Task item
Nothing in the data is to be left out; copy it exactly.

Data section
Lemma tval_tadd (a b : torus) : exists z, tval (tadd a b) = tval a + tval b + IZR z.
Proof.
  exists (- Int_part (tval a + tval b))%Z.
  unfold tadd, tproj, tval at 1; simpl. unfold frac_part. rewrite opp_IZR. ring.
Qed.

Lemma dT_bounds (a b : torus) : 0 <= dT a b <= / 2.
Proof. apply znorm_bounds. Qed.

Lemma dT_sym (a b : torus) : dT a b = dT b a.
Proof. rewrite !dT_znorm, <- znorm_opp. f_equal; ring. Qed.

Lemma dT_triangle (a b c : torus) : dT a c <= dT a b + dT b c.
Proof.
  rewrite !dT_znorm.
  replace (tval a - tval c) with ((tval a - tval b) + (tval b - tval c)) by ring.
  apply znorm_triangle.
Qed.

Lemma dT_eq (a b : torus) : tval a = tval b -> dT a b = 0.
Proof.
  intros H. rewrite dT_znorm, H. replace (tval b - tval b) with 0 by ring. apply znorm_0.
Qed.

Lemma dT_zero (a b : torus) : dT a b = 0 -> tval a = tval b.
Proof.
  rewrite dT_znorm. intros H. apply znorm_zero_int in H as [z Hz].
  pose proof (tval_range a). pose proof (tval_range b).
  assert (z = 0%Z) by (apply one_IZR_lt1; lra). subst z. simpl in Hz. lra.
Qed.

Lemma dT_tadd (a b c d : torus) : dT (tadd a b) (tadd c d) <= dT a c + dT b d.
Proof.
  destruct (tval_tadd a b) as [z1 H1]. destruct (tval_tadd c d) as [z2 H2].
  rewrite !dT_znorm, H1, H2.
  replace (tval a + tval b + IZR z1 - (tval c + tval d + IZR z2)) with
    ((tval a - tval c) + (tval b - tval d) + IZR (z1 - z2)) by (rewrite minus_IZR; ring).
  rewrite znorm_add_int. apply znorm_triangle.
Qed.

Lemma dT_pnmul (n : nat) (x y : point) (k : nat) :
  dT (pnmul n x k) (pnmul n y k) <= INR n * dT (x k) (y k).
Proof.
  induction n as [|n IH]; simpl pnmul.
  - rewrite dT_eq by reflexivity. simpl; lra.
  - unfold padd. eapply Rle_trans; [apply dT_tadd|]. rewrite S_INR. lra.
Qed.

Reply
Lemma tval_tadd (a b : torus) : exists z, tval (tadd a b) = tval a + tval b + IZR z.
Proof.
  exists (- Int_part (tval a + tval b))%Z.
  unfold tadd, tproj, tval at 1; simpl. unfold frac_part. rewrite opp_IZR. ring.
Qed.

Lemma dT_bounds (a b : torus) : 0 <= dT a b <= / 2.
Proof. apply znorm_bounds. Qed.

Lemma dT_sym (a b : torus) : dT a b = dT b a.
Proof. rewrite !dT_znorm, <- znorm_opp. f_equal; ring. Qed.

Lemma dT_triangle (a b c : torus) : dT a c <= dT a b + dT b c.
Proof.
  rewrite !dT_znorm.
  replace (tval a - tval c) with ((tval a - tval b) + (tval b - tval c)) by ring.
  apply znorm_triangle.
Qed.

Lemma dT_eq (a b : torus) : tval a = tval b -> dT a b = 0.
Proof.
  intros H. rewrite dT_znorm, H. replace (tval b - tval b) with 0 by ring. apply znorm_0.
Qed.

Lemma dT_zero (a b : torus) : dT a b = 0 -> tval a = tval b.
Proof.
  rewrite dT_znorm. intros H. apply znorm_zero_int in H as [z Hz].
  pose proof (tval_range a). pose proof (tval_range b).
  assert (z = 0%Z) by (apply one_IZR_lt1; lra). subst z. simpl in Hz. lra.
Qed.

Lemma dT_tadd (a b c d : torus) : dT (tadd a b) (tadd c d) <= dT a c + dT b d.
Proof.
  destruct (tval_tadd a b) as [z1 H1]. destruct (tval_tadd c d) as [z2 H2].
  rewrite !dT_znorm, H1, H2.
  replace (tval a + tval b + IZR z1 - (tval c + tval d + IZR z2)) with
    ((tval a - tval c) + (tval b - tval d) + IZR (z1 - z2)) by (rewrite minus_IZR; ring).
  rewrite znorm_add_int. apply znorm_triangle.
Qed.

Lemma dT_pnmul (n : nat) (x y : point) (k : nat) :
  dT (pnmul n x k) (pnmul n y k) <= INR n * dT (x k) (y k).
Proof.
  induction n as [|n IH]; simpl pnmul.
  - rewrite dT_eq by reflexivity. simpl; lra.
  - unfold padd. eapply Rle_trans; [apply dT_tadd|]. rewrite S_INR. lra.
Qed.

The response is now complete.